July 01, 2006

country life

Last night for the first time I slept in the second room of my house. It is the room where until now I have been keeping my clothes and I guess would be the actual bedroom. And now IS the bedroom! It's destiny has been fulfilled. It was a bit like going on holiday, to sleep in a different room. There were no mosquitoes in there though so it was a better option than the loungeroom where I have been unrolling my futon every night until now. I left the window open because it is quite humid nowadays and during the night it started bucketing down. Japanese houses don't really do the eaves thing, so the rain just came straight through the flyscreen and I woke up with a moist doona. The rain is so noisy, even though I have a floor above me so I don't get the rain on the roof noises, there were all kinds of loud dripping and drumming noises going on. It rained like this from 6am when I woke up initally until 9am when I left for the station. When I reached the station it stopped of course. I guess because of the rain, this country is so green. Everything is green green green, even the rice paddys have been planted now so they are sprouting green fuzz. And there are frogs everywhere, big ones, little ones and they are so noisy. At night unless I am really buggered it is hard to get to sleep because they are all out there creaking and croaking away in all their different languages. When I go for a walk they jump onto my legs and scare the hell out of me, or jump under my foot and make a murderer out of me. (Do we call that amphibicide?) There are some really big ugly ones too that remind me of cane toads, I saw a flat one on the road yesterday and smirked at it, even if they aren't pests here I still feel disgust towards them. The air always smells like rain, even when it isn't raining. Except of course when one of my pyromaniac neighbours is burning their rubbish under my window.
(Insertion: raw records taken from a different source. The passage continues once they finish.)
(* Let $\tau>0$, let $K\ge 1$ be an integer, and let $v_{max}>0$ and $u_b<0$ be constants. Consider a vehicle with speed bound $\overline v\in(0,v_{max}]$ and acceleration bounds $\underline u\le u_b<0<\overline u$, whose state evolves under the discrete dynamics described in the context. Assume $$K\tau\ \ge\ \frac{v_{max}}{|u_b|}+\tau .$$ Let $(s^0,v^0)$ with $v^0\in[0,\overline v]$ be an initial state and let $(u^k)_{0\le k<K}$ be an admissible control sequence, producing the admissible trajectory $(s^k,v^k)_{0\le k\le K}$. Then there exists an admissible control sequence $(\tilde u^k)_{0\le k\le K}$ with $\tilde u^0=u^0$ such that the corresponding trajectory $(\tilde s^k,\tilde v^k)_{0\le k\le K+1}$ starting from the same initial state $(\tilde s^0,\tilde v^0)=(s^0,v^0)$ satisfies $$\tilde v^K=\tilde v^{K+1}=0\qquad\text{and}\qquad \tilde s^{K+1}\le s^K .$$ (Equivalently, under the associated piecewise-constant acceleration in continuous time, the vehicle is at rest on the whole interval $[K\tau,(K+1)\tau]$ and its position at time $(K+1)\tau$ does not exceed the position of the original trajectory at time $K\tau$.)
   Context: Time is discretized with step $\tau>0$; a vehicle applies a constant longitudinal acceleration $u^k$ on $[k\tau,(k+1)\tau)$. Its curvilinear position $s^k$ and longitudinal speed $v^k$ at time $k\tau$ obey $$v^{k+1}=v^k+u^k\tau,\qquad s^{k+1}=s^k+\tfrac12\,(v^k+v^{k+1})\,\tau ,$$ which are the exact double-integrator dynamics under piecewise-constant acceleration. A control sequence (and the resulting trajectory) is called admissible if for every index $k$ where it is defined, $u^k\in[\underline u,\overline u]$, and every resulting speed satisfies $v^k\in[0,\overline v]$ (speeds must be nonnegative and bounded by $\overline v$). *)

From Stdlib Require Import Reals Lra.
Open Scope R_scope.

Fixpoint vel (tau v0 : R) (u : nat -> R) (k : nat) : R :=
  match k with
  | O => v0
  | S k' => vel tau v0 u k' + u k' * tau
  end.

Fixpoint posn (tau s0 v0 : R) (u : nat -> R) (k : nat) : R :=
  match k with
  | O => s0
  | S k' => posn tau s0 v0 u k'
            + / 2 * (vel tau v0 u k' + vel tau v0 u (S k')) * tau
  end.

Definition admissible (tau umin umax vbar v0 : R) (u : nat -> R) (N : nat) : Prop :=
  (forall k, (k < N)%nat -> umin <= u k <= umax) /\
  (forall k, (k <= N)%nat -> 0 <= vel tau v0 u k <= vbar).

(* The safe trajectory is built from its speed profile: it copies the first
   step of the given trajectory, and afterwards its speed is the original
   speed capped by braking at rate [|ub|], clipped at 0.  Braking at rate at
   least [|ub|] from a speed [<= vmax] reaches 0 within [K - 1] steps, and a
   pointwise smaller speed profile travels a smaller distance. *)

From Stdlib Require Import Reals Lra Lia.
Open Scope R_scope.

Definition controls_of (tau : R) (w : nat -> R) (k : nat) : R :=
  (w (S k) - w k) / tau.

Lemma vel_controls_of tau w k :
  0 < tau -> vel tau (w 0%nat) (controls_of tau w) k = w k.
Proof.
  intros tau_gt0; induction k as [|k IH]; cbn [vel]; [reflexivity|].
  rewrite IH; unfold controls_of; field; lra.
Qed.

Lemma controls_of_in tau w a b k :
  0 < tau -> a * tau <= w (S k) - w k <= b * tau ->
  a <= controls_of tau w k <= b.
Proof.
  intros tau_gt0 [lo hi]; unfold controls_of; split.
  - apply (Rmult_le_reg_r tau); [lra|]; field_simplify; lra.
  - apply (Rmult_le_reg_r tau); [lra|]; field_simplify; lra.
Qed.

Lemma posn_le_posn tau s0 v1 v2 u1 u2 N :
  0 <= tau ->
  (forall k, (k <= N)%nat -> vel tau v1 u1 k <= vel tau v2 u2 k) ->
  posn tau s0 v1 u1 N <= posn tau s0 v2 u2 N.
Proof.
  intros tau_ge0 vel_le; induction N as [|N IH]; cbn [posn]; [lra|].
  assert (IH' := IH (fun k Hk => vel_le k (Nat.le_le_succ_r _ _ Hk))).
  assert (vel_le_N := vel_le N (Nat.le_succ_diag_r N)).
  assert (vel_le_SN := vel_le (S N) (le_n _)).
  nra.
Qed.

Lemma braking_horizon tau K vmax ub :
  0 < tau -> ub < 0 ->
  INR (S K) * tau >= vmax / Rabs ub + tau -> vmax <= INR K * tau * - ub.
Proof.
  intros tau_gt0 ub_lt0 horizon.
  rewrite S_INR, Rabs_left in horizon by lra.
  replace vmax with (vmax / - ub * - ub) by (field; lra).
  apply Rmult_le_compat_r; lra.
Qed.

Section Braking.

Variables (tau ub v0 : R) (u : nat -> R).
Hypotheses (tau_gt0 : 0 < tau) (ub_lt0 : ub < 0).
Hypotheses (v0_ge0 : 0 <= v0) (vel1_ge0 : 0 <= vel tau v0 u 1).

Fixpoint brake (k : nat) : R :=
  match k with
  | O => v0
  | S O => vel tau v0 u 1
  | S (S _ as k1) => Rmax 0 (Rmin (vel tau v0 u (S k1)) (brake k1 + ub * tau))
  end.

Lemma brake_SS k :
  brake (S (S k)) = Rmax 0 (Rmin (vel tau v0 u (S (S k))) (brake (S k) + ub * tau)).
Proof. reflexivity. Qed.

Lemma brake_ge0 k : 0 <= brake k.
Proof. destruct k as [|[|k]]; [exact v0_ge0 | exact vel1_ge0 | apply Rmax_l]. Qed.

Lemma brake_SS_le k : brake (S (S k)) <= Rmax 0 (brake (S k) + ub * tau).
Proof. rewrite brake_SS; apply Rle_max_compat_l, Rmin_r. Qed.

Lemma brake_SS_ge k : Rmin (vel tau v0 u (S (S k))) (brake (S k) + ub * tau) <= brake (S (S k)).
Proof. rewrite brake_SS; apply Rmax_r. Qed.

Lemma brake_nonincr k : brake (S (S k)) <= brake (S k).
Proof.
  assert (ub * tau < 0) by nra.
  assert (brake_Sk_ge0 := brake_ge0 (S k)).
  eapply Rle_trans; [apply brake_SS_le|]; apply Rmax_lub; lra.
Qed.

Lemma brake_le_brake1 k : brake (S k) <= brake 1.
Proof.
  induction k as [|k IH]; [lra|].
  eapply Rle_trans; [apply brake_nonincr | exact IH].
Qed.

Lemma brake_le_vel k : 0 <= vel tau v0 u k -> brake k <= vel tau v0 u k.
Proof.
  intros vel_ge0; destruct k as [|[|k]]; [apply Rle_refl | apply Rle_refl |].
  apply Rmax_lub; [exact vel_ge0 | apply Rmin_l].
Qed.

Lemma brake_le_linear k : brake (S k) <= Rmax 0 (brake 1 + INR k * ub * tau).
Proof.
  induction k as [|k IH].
  - rewrite Rmult_0_l, Rmult_0_l, Rplus_0_r; apply Rmax_r.
  - eapply Rle_trans; [apply brake_SS_le|].
    rewrite S_INR; revert IH; unfold Rmax.
    repeat destruct Rle_dec; nra.
Qed.

Lemma brake_eq0 k : brake 1 <= INR k * tau * - ub -> brake (S k) = 0.
Proof.
  intros horizon.
  assert (brake 1 + INR k * ub * tau <= 0) by lra.
  apply Rle_antisym; [|apply brake_ge0].
  eapply Rle_trans; [apply brake_le_linear|]; apply Rmax_lub; lra.
Qed.

Lemma brake_stopped N : (1 <= N)%nat -> brake N = 0 -> brake (S N) = 0.
Proof.
  intros N_ge1 stopped; destruct N as [|N]; [lia|].
  pose proof (brake_nonincr N); pose proof (brake_ge0 (S (S N))); lra.
Qed.

Lemma vel_brake k : vel tau v0 (controls_of tau brake) k = brake k.
Proof. exact (vel_controls_of tau brake k tau_gt0). Qed.

Lemma controls_of_brake0 : controls_of tau brake 0 = u 0%nat.
Proof. unfold controls_of; cbn [brake vel]; field; lra. Qed.

Section Admissible.

Variables (umin umax vbar : R) (N : nat).
Hypotheses (N_ge1 : (1 <= N)%nat) (umin_le : umin <= ub) (umax_gt0 : 0 < umax).
Hypotheses (u_adm : admissible tau umin umax vbar v0 u N) (stopped : brake N = 0).

Lemma brake_le_vel_adm k : (k <= N)%nat -> brake k <= vel tau v0 u k.
Proof. intros Hk; apply brake_le_vel, (proj2 u_adm k Hk). Qed.

Lemma controls_of_brake_in k :
  (k < S N)%nat -> umin <= controls_of tau brake k <= umax.
Proof.
  destruct u_adm as [u_in _].
  intros Hk; apply controls_of_in; [exact tau_gt0|].
  destruct k as [|k]; [cbn [brake vel]; specialize (u_in 0%nat N_ge1); nra|].
  pose proof (brake_nonincr k).
  assert (0 < umax * tau) by (apply Rmult_lt_0_compat; lra).
  destruct (Nat.eq_dec (S k) N) as [<-|k_ne].
  { rewrite stopped, (brake_stopped (S k)) by (lia || exact stopped); nra. }
  pose proof (brake_SS_ge k) as step_ge.
  change (vel tau v0 u (S (S k))) with (vel tau v0 u (S k) + u (S k) * tau) in step_ge.
  pose proof (brake_le_vel_adm (S k) ltac:(lia)).
  assert (umin * tau <= u (S k) * tau)
    by (apply Rmult_le_compat_r; [lra | apply (u_in (S k)); lia]).
  assert (umin * tau <= ub * tau) by (apply Rmult_le_compat_r; lra).
  revert step_ge; apply Rmin_case; intros; lra.
Qed.

Lemma admissible_brake : admissible tau umin umax vbar v0 (controls_of tau brake) (S N).
Proof.
  split; [exact controls_of_brake_in|].
  intros [|k] _; rewrite vel_brake; split; try apply brake_ge0.
  - exact (proj2 (proj2 u_adm 0%nat (Nat.le_0_l N))).
  - eapply Rle_trans; [apply brake_le_brake1|].
    exact (proj2 (proj2 u_adm 1%nat N_ge1)).
Qed.

Lemma posn_brake_le s0 : posn tau s0 v0 (controls_of tau brake) (S N) <= posn tau s0 v0 u N.
Proof.
  change (posn tau s0 v0 (controls_of tau brake) N
          + / 2 * (vel tau v0 (controls_of tau brake) N
                   + vel tau v0 (controls_of tau brake) (S N)) * tau
          <= posn tau s0 v0 u N).
  rewrite !vel_brake, stopped, brake_stopped by assumption.
  rewrite Rplus_0_r, Rmult_0_r, Rmult_0_l, Rplus_0_r.
  apply posn_le_posn; [lra|].
  intros k Hk; rewrite vel_brake; apply brake_le_vel_adm, Hk.
Qed.

End Admissible.

End Braking.

Theorem lemma1 (tau : R) (K : nat) (vmax ub vbar umin umax s0 v0 : R)
  (u : nat -> R) :
  0 < tau -> (1 <= K)%nat -> 0 < vmax -> ub < 0 ->
  0 < vbar -> vbar <= vmax ->
  umin <= ub -> 0 < umax ->
  INR K * tau >= vmax / Rabs ub + tau ->
  0 <= v0 <= vbar ->
  admissible tau umin umax vbar v0 u K ->
  exists ut : nat -> R,
    admissible tau umin umax vbar v0 ut (S K) /\
    ut 0%nat = u 0%nat /\
    vel tau v0 ut K = 0 /\ vel tau v0 ut (S K) = 0 /\
    posn tau s0 v0 ut (S K) <= posn tau s0 v0 u K.
Proof.
  intros tau_gt0 K_ge1 _ ub_lt0 _ vbar_le umin_le umax_gt0 horizon v0_in u_adm.
  assert (v0_ge0 : 0 <= v0) by apply v0_in.
  assert (vel1_in := proj2 u_adm 1%nat K_ge1).
  assert (vel1_ge0 : 0 <= vel tau v0 u 1) by apply vel1_in.
  assert (stopped : brake tau ub v0 u K = 0).
  { destruct K as [|K]; [lia|].
    pose proof (braking_horizon tau K vmax ub tau_gt0 ub_lt0 horizon).
    apply brake_eq0; cbn [brake]; lra. }
  exists (controls_of tau (brake tau ub v0 u)).
  rewrite !vel_brake, stopped, brake_stopped by (assumption || lia).
  refine (conj _ (conj _ (conj eq_refl (conj eq_refl _)))).
  - apply admissible_brake with (umin := umin) (umax := umax) (vbar := vbar) (N := K);
      assumption.
  - apply controls_of_brake0; assumption.
  - apply posn_brake_le with umin umax vbar; assumption.
Qed.
Lemma roundR_avg_bounds (R : archiRealFieldType) n (S : int) : (0 < n)%N ->
  let r := roundR (S%:~R / n%:R : R) in
  2 * n%:Z * r <= 2 * S + n%:Z /\ 2 * S + n%:Z < 2 * n%:Z * r + 2 * n%:Z.
Proof.
move=> n0 r.
have r_le : (r%:~R : R) <= S%:~R / n%:R + 2^-1 by apply: floor_le.
have r_gt : S%:~R / n%:R + 2^-1 < ((r + 1)%:~R : R).
  by rewrite -floor_lt_int /r /roundR ltzD1.
set s := S%:~R / n%:R in r_le r_gt.
have n_gt0 : (0 : R) < n%:R by rewrite ltr0n.
have Ss : (S%:~R : R) = s * n%:R by rewrite /s mulfVK // gt_eqF.
rewrite intrD in r_gt.
split; [rewrite -(ler_int R) | rewrite -(ltr_int R)];
  rewrite !intrD !intrM Ss /= -[((n%:Z)%:~R : R)]/(n%:R); nra.
Qed.

Lemma sum_affine_bool n (a c : int) (b : 'I_n -> bool) :
  \sum_j (a + c * (b j)%:Z) = n%:Z * a + c * (\sum_j (b j : nat))%N%:Z.
Proof.
rewrite big_split /= sumr_const card_ord -mulr_sumr -mulr_natl natz.
by congr (_ + c * _); rewrite (big_morph _ PoszD (erefl _)).
Qed.

Section Potential.
Variables (R : archiRealFieldType) (n : nat).
Implicit Types (x : loadv n) (p : pairn n).

Definition ravg x : int := roundR (avg R x).

Definition dev x i : int := x i - ravg x.

Definition within (M : nat) x : Prop := forall i, (absz (dev x i) <= M)%N.

Definition Psi x : rat := \sum_i (wt (dev x i))%:R.

Definition delta x p : rat :=
  (wt (dev x p.1))%:R + (wt (dev x p.2))%:R
  - (wt ((dev x p.1 + dev x p.2 + 1) %/ 2)%Z)%:R
  - (wt ((dev x p.1 + dev x p.2) %/ 2)%Z)%:R.

Definition good_pair x p : bool :=
  (2 <= dev x p.1) && (dev x p.2 <= 0) || (dev x p.1 <= -2) && (0 <= dev x p.2).

Lemma ravg_step x p : p.1 != p.2 -> ravg (step x p) = ravg x.
Proof. by move=> p12; rewrite /ravg avg_step. Qed.

Lemma within_step M x p : p.1 != p.2 -> within M x -> within M (step x p).
Proof.
move=> p12 xM i; rewrite /dev ravg_step //.
have := xM p.1; have := xM p.2; rewrite /dev.
have [->|i1] := eqVneq i p.1.
  by rewrite step_fst; move: (x p.1) (x p.2) (ravg x) => a b r; lia.
have [->|i2] := eqVneq i p.2.
  by rewrite step_snd //; move: (x p.1) (x p.2) (ravg x) => a b r; lia.
by rewrite step_other //; move: (xM i); rewrite /dev.
Qed.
I don't know anything about rice growing. Over the last month people have slowing been filling thier small fields with what looks like long grass in painstakingly straight rows which they acheive with a funny little ride on sewing machine. The fields aren't that big so I wonder how they justify the cost of purchasing such a machine. Most people have a field probably the size of 2 cricket pitches. Althogh perhaps they have more than one field in differnet areas. It's not like the country in Australia where one persons's property stretches over 100s of kilometres, here the land is all divided up, and dotted in between houses of families who have no interest in farming there will be a paddy field which is tended by someone who lives in the next suburb. I only ever see old people working in the fields. So I cannot tell if the fields are a hobby to keep grandma and grandpa busy, or if they are actual income for the family and when the older people die the family will keep it going. It seems a big stretch for salaryman Bob to quit his highly paid suit job and go trudge around in a rice paddy all day. And I also don't know where the rice goes. Is this the rice that ends up on the supermarket shelf or is this just for their own personal consumption? I don't know how much rice one tiny little paddy like that can yield, it doesn't seem like it would be very profitable. Perhaps all these issues are the reason why the rice farmers are so well subsidised and protected by the government. There is no imported rice in Japan and there is not likely to be any. Without the guaranteed market and heavy subsidies, how could such small farmers turn a profit? So good luck Little Johnny trying to get Koizumi to let you export Aussie rice here.

3 comments:

Anonymous said...

On a completely different topic, saw the Japanese Prime Minester (or whatever) with his rock star hair doing an Elvis impersonation at grace land with Dubbya. I thought "how cool is that guy, leader or a socially repressed country and here he is karaoki (Or how ever you spell it)style on international TV, cool."

Tallgirl said...

Aha, yeah Koizumi has been in the news here with that smarmy Bush ushering him around Graceland. It's not such a big stretch for the PM to be seen singing karaoke since everyone does it here. Even the most stoic of company bosses will sing anything after a few amber ales with the boys after work. What is it with the Elvis thing? I just don't get it.

Anonymous said...

I don't get the Elvis thing either. Maybe he is rock and roll with out the offensiveness of modern rock. Which is strange because in his day he was hated by adults. This might be the generation the grew up with him. And you have to remember that other rock god (like Hendrix)have died early so you don't have the massive playlists of Elvis or the lives to celebrate.